Ribuan Pencari Kerja Tumpah Ruah di Job Fair Kuningan, 5.000 Loker Diserbu Pelamar

KUNINGANSATU.COM – Pemerintah Kabupaten Kuningan kembali memfasilitasi masyarakat yang sedang mencari pekerjaan melalui penyelenggaraan Kuningan Job Fair 2026 di Gedung Olahraga (GOR) Ewangga, Rabu (15/7/2026). Kegiatan ini menghadirkan 40 perusahaan dari berbagai daerah, mulai dari Kuningan, Cirebon, Majalengka, Brebes hingga Jabodetabek, dengan total sekitar 5.000 lowongan kerja yang ditawarkan.

Acara dibuka langsung oleh Bupati Kuningan, Dr. H. Dian Rachmat Yanuar, M.Si., didampingi Wakil Bupati Tuti Andriani, S.H., M.Kn., Sekretaris Daerah U. Kusmana, S.Sos., M.Si., unsur Forkopimda, para pimpinan perusahaan, kepala SMK, serta ribuan pencari kerja yang memadati lokasi.

Dalam sambutannya, Bupati Dian menyampaikan bahwa Job Fair merupakan komitmen pemerintah daerah untuk mempertemukan pencari kerja dengan dunia industri secara langsung.
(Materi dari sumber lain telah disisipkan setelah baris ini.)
Lemma u12_hess12 p : inP a p -> u12 a f p = hess12 p.
Proof.
  intros Hp; unfold u12.
  transitivity (d1 (fun q => / 2 * (ln (l2 q) - ln (l4 a q) - ln (l5 a q) - 1 + d2 f q)) p).
  { apply (pd_ext _ _ 0); generalize (inP_locally a p Hp); apply filter_imp.
    intros [x y] Hq; apply d2_potential; exact Hq. }
  destruct p as [x y]; revert Hp; unfold inP, hess12, d1, l2, l4, l5; simpl; intros Hp.
  apply is_derive_unique, is_derive_half_plus.
  - auto_derive; [repeat split; lra | unfold Rminus in *; field; repeat split; lra].
  - apply (smooth_up_to_ex_derive1 (closedP a) f [false]); auto; apply inP_closedP; exact Hp.
Qed.

Lemma u22_hess22 p : inP a p -> u22 a f p = hess22 p.
Proof.
  intros Hp; unfold u22.
  transitivity (d2 (fun q => / 2 * (ln (l2 q) - ln (l4 a q) - ln (l5 a q) - 1 + d2 f q)) p).
  { apply (pd_ext _ _ 1); generalize (inP_locally a p Hp); apply filter_imp.
    intros [x y] Hq; apply d2_potential; exact Hq. }
  destruct p as [x y]; revert Hp; unfold inP, hess22, d2, l2, l4, l5; simpl; intros Hp.
  apply is_derive_unique, is_derive_half_plus.
  - auto_derive; [repeat split; lra | unfold Rminus in *; field; repeat split; lra].
  - apply (smooth_up_to_ex_derive2 (closedP a) f [false]); auto; apply inP_closedP; exact Hp.
Qed.

Lemma partials_exist_hess p : inP a p ->
  partials_exist hess11 p /\ partials_exist hess12 p /\ partials_exist hess22 p.
Proof.
  intros Hp; pose proof (inP_closedP a p Hp) as Hc.
  revert Hp; unfold inP, hess11, hess12, hess22, l1, l2, l3, l4, l5; intros Hp.
  split; [|split]; repeat partials_step;
    match goal with
    | |- _ <> 0 => lra
    | |- partials_exist (fun q => iter_pd ?w f q) _ => apply (partials_exist_smooth (closedP a) f w); auto
    end.
Qed.

Lemma partials_exist_u p : inP a p ->
  partials_exist (u11 a f) p /\ partials_exist (u12 a f) p /\ partials_exist (u22 a f) p.
Proof.
  intros Hp; destruct (partials_exist_hess p Hp) as (H11 & H12 & H22).
  pose proof (inP_locally a p Hp) as Hloc.
  split; [|split].
  - apply (partials_exist_ext _ hess11); auto; generalize Hloc; apply filter_imp, u11_hess11.
  - apply (partials_exist_ext _ hess12); auto; generalize Hloc; apply filter_imp, u12_hess12.
  - apply (partials_exist_ext _ hess22); auto; generalize Hloc; apply filter_imp, u22_hess22.
Qed.

Lemma partials_exist_detH p : inP a p -> partials_exist (fun q => detH a f q) p.
Proof.
  intros Hp; destruct (partials_exist_u p Hp) as (H11 & H12 & H22); unfold detH.
  apply (partials_exist_minus (fun q => u11 a f q * u22 a f q) (fun q => u12 a f q * u12 a f q));
    apply partials_exist_mult; auto.
Qed.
Menurutnya, pemerintah harus hadir memberikan akses seluas-luasnya agar masyarakat memperoleh kesempatan bekerja sesuai kemampuan yang dimiliki.

Ia mengungkapkan, upaya yang selama ini dilakukan Pemkab Kuningan mulai menunjukkan hasil positif. Tingkat pengangguran terbuka yang sebelumnya cukup tinggi kini terus mengalami penurunan seiring bertambahnya peluang kerja dan berbagai program ketenagakerjaan yang dijalankan.

Ke depan, Pemkab Kuningan berencana menyelenggarakan Job Fair lebih dari satu kali dalam setahun agar kesempatan masyarakat mendapatkan pekerjaan semakin besar.

Bupati juga mengungkapkan adanya prospek investasi baru yang diyakini akan berdampak signifikan terhadap penyerapan tenaga kerja. Setelah penetapan Rencana Tata Ruang Wilayah (RTRW), sebuah perusahaan asal Korea Selatan dikabarkan akan menanamkan investasi sekitar Rp1,3 triliun di Kabupaten Kuningan dengan potensi membuka hingga 10.000 lapangan pekerjaan.

Selain mendorong masyarakat menjadi tenaga kerja, Dian mengajak generasi muda mulai menumbuhkan jiwa kewirausahaan. Menurutnya, keberhasilan tidak hanya diukur dari memperoleh pekerjaan, tetapi juga dari kemampuan menciptakan lapangan kerja bagi orang lain melalui usaha mandiri.

Ia pun berpesan kepada para pencari kerja agar tidak terlalu selektif pada pekerjaan pertama. Pengalaman, kedisiplinan, serta etos kerja yang baik dinilai menjadi bekal penting untuk meraih karier yang lebih baik di masa mendatang.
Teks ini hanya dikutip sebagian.